Exercise inputs Start Marker

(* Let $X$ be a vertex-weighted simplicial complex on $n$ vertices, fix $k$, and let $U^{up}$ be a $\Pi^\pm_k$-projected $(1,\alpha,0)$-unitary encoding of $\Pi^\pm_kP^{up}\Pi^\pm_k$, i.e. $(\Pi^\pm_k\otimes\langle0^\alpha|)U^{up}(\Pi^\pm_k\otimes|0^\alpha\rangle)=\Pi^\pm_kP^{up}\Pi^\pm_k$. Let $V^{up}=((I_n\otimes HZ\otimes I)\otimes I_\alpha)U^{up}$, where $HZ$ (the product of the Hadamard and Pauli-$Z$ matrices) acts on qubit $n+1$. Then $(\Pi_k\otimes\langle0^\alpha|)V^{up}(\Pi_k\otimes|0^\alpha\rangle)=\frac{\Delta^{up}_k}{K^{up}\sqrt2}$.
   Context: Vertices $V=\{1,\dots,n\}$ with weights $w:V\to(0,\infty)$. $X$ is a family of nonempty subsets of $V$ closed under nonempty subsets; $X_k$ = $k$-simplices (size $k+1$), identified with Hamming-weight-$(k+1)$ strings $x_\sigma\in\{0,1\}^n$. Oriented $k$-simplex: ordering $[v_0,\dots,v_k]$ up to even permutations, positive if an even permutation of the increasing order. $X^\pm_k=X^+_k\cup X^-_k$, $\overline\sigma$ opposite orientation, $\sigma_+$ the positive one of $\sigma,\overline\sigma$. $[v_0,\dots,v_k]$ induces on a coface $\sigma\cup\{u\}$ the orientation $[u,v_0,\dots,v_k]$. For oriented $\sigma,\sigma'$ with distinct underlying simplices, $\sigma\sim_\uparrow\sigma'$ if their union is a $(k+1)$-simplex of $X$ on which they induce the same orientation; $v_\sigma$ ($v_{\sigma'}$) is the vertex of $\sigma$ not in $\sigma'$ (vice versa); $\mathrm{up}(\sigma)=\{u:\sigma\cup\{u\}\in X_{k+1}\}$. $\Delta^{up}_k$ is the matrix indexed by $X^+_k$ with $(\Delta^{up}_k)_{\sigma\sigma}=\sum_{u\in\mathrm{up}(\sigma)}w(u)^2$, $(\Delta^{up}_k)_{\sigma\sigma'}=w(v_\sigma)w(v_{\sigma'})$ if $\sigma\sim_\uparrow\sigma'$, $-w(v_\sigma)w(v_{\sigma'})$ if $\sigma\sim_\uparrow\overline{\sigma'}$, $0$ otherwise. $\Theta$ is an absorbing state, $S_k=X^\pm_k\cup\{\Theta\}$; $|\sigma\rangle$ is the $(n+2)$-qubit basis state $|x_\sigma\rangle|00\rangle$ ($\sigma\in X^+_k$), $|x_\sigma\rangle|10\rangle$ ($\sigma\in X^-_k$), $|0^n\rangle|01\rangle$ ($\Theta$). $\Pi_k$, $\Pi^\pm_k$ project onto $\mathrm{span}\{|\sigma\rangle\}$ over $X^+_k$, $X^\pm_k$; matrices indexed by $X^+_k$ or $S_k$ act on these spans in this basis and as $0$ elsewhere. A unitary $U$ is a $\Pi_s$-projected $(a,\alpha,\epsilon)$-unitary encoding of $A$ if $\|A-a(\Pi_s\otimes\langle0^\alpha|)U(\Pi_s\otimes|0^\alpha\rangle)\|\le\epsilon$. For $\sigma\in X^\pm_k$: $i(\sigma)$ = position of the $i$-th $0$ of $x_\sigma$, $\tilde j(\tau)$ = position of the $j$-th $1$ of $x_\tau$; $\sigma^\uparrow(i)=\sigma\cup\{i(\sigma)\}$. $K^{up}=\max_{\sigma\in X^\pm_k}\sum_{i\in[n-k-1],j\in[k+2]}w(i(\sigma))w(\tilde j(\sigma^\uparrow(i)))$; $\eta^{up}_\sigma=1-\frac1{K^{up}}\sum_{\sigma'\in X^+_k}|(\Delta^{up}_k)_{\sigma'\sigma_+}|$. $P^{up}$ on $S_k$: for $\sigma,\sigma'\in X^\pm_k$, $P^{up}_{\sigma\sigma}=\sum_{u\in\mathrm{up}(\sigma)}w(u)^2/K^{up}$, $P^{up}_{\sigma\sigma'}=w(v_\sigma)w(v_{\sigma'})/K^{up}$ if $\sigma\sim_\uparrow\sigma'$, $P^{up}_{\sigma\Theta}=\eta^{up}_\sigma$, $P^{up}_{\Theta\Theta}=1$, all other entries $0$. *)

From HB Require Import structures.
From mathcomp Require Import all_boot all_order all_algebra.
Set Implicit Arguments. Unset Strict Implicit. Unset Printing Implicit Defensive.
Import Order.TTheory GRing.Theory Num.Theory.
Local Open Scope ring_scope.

Exercise inputs End Marker

§ **Task description**:
Produce exactly the lines from the one containing "From HB Require Import structures." through the final line of the records above, both included, and no others.

§ **Task output**:
From HB Require Import structures.
From mathcomp Require Import all_boot all_order all_algebra.
Set Implicit Arguments. Unset Strict Implicit. Unset Printing Implicit Defensive.
Import Order.TTheory GRing.Theory Num.Theory.
Local Open Scope ring_scope.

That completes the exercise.